Assignment:
For the records below, report how many lines include the word "auto". Only the number should appear.

Available records section start

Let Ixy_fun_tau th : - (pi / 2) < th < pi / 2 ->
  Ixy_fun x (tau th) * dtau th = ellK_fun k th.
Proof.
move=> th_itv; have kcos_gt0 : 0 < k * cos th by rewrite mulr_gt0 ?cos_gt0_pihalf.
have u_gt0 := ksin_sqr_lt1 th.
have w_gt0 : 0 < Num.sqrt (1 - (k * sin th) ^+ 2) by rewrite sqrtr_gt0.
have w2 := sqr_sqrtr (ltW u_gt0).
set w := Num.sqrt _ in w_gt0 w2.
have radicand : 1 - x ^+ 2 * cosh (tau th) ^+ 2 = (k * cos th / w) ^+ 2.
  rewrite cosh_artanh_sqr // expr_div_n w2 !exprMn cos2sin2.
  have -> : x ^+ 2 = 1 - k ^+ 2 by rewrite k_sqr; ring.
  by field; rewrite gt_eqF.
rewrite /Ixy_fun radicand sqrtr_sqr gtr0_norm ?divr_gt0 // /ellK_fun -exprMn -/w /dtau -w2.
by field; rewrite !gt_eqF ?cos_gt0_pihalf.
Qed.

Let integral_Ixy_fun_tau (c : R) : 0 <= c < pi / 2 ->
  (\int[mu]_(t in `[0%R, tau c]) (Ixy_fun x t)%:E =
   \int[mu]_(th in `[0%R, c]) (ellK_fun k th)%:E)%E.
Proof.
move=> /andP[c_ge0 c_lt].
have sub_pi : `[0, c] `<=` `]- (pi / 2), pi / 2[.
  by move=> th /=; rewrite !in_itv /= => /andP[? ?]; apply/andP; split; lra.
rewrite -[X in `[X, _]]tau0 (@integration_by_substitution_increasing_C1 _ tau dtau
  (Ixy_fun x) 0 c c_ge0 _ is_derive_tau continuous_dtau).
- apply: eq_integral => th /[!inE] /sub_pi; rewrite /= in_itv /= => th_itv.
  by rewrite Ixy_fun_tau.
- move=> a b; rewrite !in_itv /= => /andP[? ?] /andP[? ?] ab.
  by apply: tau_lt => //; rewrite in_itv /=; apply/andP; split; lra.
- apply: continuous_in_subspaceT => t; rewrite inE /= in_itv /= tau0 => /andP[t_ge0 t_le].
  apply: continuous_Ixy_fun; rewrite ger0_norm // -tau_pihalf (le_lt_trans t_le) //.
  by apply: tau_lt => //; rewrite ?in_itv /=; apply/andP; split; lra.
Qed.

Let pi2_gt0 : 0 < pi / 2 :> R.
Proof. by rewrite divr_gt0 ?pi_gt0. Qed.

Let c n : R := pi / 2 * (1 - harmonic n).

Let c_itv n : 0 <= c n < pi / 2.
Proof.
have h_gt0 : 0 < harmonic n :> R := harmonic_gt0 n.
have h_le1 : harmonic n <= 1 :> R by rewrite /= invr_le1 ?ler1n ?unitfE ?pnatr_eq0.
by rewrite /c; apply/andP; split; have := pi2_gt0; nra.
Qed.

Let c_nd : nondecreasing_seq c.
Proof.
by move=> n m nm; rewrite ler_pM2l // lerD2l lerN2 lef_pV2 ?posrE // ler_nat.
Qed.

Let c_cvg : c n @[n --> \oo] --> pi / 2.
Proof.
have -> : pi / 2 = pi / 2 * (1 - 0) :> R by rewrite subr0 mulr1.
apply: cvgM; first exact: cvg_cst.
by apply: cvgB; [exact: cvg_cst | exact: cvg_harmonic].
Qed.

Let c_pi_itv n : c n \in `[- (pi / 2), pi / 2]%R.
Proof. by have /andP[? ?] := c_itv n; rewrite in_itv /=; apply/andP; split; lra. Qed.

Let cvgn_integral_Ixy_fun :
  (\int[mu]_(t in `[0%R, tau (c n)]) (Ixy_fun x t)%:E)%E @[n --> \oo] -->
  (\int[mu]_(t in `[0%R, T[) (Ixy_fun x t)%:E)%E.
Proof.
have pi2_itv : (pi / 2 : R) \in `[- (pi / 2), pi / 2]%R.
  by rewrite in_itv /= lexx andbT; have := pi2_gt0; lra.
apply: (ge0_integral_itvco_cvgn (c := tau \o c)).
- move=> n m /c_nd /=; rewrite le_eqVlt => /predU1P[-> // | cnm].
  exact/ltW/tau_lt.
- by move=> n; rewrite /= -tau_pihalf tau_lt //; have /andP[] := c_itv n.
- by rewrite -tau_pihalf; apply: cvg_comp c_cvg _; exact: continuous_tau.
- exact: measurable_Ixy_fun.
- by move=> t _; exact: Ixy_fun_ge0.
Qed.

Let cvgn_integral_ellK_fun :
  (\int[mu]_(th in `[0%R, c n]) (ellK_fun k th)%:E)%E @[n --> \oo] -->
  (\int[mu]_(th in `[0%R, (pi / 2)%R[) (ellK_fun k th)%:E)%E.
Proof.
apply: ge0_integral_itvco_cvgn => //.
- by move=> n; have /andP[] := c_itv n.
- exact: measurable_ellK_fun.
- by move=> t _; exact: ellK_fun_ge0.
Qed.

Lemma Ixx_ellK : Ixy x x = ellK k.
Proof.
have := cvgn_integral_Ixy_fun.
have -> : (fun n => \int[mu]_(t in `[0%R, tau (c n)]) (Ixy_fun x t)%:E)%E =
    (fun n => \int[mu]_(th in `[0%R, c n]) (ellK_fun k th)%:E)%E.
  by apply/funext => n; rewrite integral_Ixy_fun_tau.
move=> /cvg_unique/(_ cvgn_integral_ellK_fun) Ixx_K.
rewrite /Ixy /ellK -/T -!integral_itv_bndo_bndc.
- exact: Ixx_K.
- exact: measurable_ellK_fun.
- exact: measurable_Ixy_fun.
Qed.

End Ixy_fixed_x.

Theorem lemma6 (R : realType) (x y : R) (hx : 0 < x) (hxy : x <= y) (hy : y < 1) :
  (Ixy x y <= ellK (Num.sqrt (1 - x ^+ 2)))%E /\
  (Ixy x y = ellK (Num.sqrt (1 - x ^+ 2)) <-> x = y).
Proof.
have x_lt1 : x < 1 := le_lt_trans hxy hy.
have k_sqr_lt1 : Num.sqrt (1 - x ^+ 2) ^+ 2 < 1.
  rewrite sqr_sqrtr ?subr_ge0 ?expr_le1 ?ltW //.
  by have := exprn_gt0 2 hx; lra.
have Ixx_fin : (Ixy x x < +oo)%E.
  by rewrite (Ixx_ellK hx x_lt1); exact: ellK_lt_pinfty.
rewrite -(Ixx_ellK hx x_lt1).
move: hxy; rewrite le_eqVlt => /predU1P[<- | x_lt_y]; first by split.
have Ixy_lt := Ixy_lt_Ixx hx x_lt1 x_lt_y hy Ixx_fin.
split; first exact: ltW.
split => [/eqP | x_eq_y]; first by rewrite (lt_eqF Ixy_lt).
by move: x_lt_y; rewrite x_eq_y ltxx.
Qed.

Available records section end
Available records section start

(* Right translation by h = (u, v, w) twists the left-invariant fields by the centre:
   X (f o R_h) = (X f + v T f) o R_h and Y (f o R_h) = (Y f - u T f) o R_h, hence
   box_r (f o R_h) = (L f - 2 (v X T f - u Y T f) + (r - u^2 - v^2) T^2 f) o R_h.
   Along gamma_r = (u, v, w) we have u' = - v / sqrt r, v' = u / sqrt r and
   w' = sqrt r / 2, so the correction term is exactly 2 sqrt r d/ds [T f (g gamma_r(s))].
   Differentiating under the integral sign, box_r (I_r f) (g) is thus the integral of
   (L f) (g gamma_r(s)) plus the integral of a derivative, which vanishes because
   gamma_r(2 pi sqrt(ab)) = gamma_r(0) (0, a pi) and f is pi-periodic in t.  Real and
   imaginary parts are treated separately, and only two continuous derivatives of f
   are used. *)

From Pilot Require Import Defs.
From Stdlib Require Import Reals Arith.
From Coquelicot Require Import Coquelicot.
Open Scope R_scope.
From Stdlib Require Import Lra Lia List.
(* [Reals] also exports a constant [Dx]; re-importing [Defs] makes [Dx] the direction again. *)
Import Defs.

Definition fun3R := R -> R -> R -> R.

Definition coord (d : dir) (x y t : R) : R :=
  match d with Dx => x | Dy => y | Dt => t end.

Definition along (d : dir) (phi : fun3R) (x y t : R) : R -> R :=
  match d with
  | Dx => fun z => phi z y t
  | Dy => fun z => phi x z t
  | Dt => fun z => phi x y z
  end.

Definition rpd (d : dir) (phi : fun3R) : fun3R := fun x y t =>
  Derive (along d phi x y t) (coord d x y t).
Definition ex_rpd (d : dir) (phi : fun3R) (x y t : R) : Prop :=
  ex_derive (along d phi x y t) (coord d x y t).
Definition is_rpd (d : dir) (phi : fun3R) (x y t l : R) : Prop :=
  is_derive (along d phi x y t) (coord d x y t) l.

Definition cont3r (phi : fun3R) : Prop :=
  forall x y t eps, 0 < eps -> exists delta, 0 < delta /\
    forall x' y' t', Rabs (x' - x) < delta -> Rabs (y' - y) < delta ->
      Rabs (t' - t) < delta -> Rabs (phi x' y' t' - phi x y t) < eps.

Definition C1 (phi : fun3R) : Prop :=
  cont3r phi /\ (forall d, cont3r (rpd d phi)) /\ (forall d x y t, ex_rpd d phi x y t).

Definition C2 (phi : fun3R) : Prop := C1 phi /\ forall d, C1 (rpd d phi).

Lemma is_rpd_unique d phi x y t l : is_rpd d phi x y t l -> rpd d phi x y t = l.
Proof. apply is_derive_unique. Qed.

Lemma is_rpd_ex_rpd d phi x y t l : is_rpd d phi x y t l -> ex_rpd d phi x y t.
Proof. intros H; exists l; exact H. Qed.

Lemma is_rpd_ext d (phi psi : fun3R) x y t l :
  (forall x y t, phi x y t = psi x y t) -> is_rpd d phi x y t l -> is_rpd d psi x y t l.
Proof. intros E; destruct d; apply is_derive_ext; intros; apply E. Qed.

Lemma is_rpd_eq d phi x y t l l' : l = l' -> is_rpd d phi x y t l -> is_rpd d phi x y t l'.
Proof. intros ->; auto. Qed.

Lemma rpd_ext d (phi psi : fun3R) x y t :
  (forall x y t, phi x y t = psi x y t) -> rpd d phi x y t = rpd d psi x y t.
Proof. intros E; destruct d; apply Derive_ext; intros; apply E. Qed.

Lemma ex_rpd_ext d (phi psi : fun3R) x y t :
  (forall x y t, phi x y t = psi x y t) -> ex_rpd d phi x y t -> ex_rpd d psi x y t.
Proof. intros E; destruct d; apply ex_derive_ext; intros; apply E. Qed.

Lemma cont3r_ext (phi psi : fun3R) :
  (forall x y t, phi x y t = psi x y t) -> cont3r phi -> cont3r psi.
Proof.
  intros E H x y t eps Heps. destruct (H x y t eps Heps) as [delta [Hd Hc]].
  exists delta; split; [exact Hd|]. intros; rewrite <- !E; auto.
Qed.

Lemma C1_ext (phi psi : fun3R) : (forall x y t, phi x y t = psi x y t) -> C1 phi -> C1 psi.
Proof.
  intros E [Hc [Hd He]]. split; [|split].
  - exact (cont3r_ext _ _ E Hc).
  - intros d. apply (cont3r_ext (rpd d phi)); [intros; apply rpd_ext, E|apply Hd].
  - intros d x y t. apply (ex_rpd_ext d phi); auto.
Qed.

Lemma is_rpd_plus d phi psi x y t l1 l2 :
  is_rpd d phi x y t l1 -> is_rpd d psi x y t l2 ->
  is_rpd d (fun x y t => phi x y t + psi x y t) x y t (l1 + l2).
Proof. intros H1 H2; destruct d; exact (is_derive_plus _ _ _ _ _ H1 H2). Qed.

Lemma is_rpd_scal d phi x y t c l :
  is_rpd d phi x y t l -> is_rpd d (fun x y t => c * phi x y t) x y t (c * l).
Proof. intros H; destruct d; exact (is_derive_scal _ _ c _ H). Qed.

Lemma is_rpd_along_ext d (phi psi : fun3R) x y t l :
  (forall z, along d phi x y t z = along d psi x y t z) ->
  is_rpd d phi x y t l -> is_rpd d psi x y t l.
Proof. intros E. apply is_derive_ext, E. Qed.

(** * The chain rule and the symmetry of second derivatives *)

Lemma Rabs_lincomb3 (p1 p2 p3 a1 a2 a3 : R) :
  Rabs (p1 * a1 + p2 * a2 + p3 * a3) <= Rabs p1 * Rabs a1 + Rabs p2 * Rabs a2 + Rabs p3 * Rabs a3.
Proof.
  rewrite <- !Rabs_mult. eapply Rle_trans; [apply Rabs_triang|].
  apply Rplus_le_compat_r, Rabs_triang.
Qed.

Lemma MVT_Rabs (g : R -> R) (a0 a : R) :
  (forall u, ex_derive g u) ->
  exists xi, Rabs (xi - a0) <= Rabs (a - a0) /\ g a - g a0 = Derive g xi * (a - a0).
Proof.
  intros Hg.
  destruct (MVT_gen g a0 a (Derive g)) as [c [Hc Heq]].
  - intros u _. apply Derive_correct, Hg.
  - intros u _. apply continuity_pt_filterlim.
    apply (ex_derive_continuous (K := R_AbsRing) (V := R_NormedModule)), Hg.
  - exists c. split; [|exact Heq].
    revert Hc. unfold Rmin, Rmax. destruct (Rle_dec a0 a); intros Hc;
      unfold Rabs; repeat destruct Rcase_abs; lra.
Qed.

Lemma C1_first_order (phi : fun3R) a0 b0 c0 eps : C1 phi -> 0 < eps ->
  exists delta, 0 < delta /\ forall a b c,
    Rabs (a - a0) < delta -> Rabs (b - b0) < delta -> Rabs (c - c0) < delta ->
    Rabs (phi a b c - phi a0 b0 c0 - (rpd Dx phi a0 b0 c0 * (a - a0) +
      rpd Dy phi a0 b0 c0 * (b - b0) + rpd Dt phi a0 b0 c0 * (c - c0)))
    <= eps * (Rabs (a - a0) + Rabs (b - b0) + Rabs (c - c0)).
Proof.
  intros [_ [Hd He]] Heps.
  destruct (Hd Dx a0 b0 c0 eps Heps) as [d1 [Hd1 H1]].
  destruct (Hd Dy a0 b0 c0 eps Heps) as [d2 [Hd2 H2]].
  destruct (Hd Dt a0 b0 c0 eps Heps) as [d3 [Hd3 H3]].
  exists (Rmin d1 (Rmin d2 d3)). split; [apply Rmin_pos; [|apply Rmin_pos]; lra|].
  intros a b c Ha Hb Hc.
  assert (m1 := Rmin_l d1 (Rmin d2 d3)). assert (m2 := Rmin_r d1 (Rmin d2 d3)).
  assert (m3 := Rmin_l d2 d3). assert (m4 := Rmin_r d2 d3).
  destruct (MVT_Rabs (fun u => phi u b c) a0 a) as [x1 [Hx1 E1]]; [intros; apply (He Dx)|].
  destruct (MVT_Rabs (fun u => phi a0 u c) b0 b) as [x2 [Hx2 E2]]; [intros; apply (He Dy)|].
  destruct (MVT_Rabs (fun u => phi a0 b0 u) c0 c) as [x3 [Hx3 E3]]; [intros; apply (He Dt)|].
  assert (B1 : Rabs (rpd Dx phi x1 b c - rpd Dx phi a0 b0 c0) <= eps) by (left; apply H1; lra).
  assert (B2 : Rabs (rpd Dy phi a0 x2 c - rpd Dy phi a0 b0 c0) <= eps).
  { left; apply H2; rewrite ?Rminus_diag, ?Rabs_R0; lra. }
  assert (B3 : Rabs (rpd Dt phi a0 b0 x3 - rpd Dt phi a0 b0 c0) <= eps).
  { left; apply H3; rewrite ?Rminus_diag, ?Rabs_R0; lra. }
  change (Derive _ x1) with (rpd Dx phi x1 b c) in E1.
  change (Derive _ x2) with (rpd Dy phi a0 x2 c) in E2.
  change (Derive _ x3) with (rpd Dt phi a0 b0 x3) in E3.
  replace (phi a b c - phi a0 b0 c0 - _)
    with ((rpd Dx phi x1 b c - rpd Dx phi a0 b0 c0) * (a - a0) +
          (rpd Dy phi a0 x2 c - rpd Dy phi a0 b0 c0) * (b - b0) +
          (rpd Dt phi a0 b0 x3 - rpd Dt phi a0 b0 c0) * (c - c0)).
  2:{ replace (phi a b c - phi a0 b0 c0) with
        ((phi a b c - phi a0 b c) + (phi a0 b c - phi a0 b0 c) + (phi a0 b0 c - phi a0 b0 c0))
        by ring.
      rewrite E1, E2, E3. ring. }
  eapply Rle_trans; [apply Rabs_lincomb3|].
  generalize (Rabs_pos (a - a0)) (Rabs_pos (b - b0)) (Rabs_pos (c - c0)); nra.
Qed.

Available records section end

Exercise solution:
3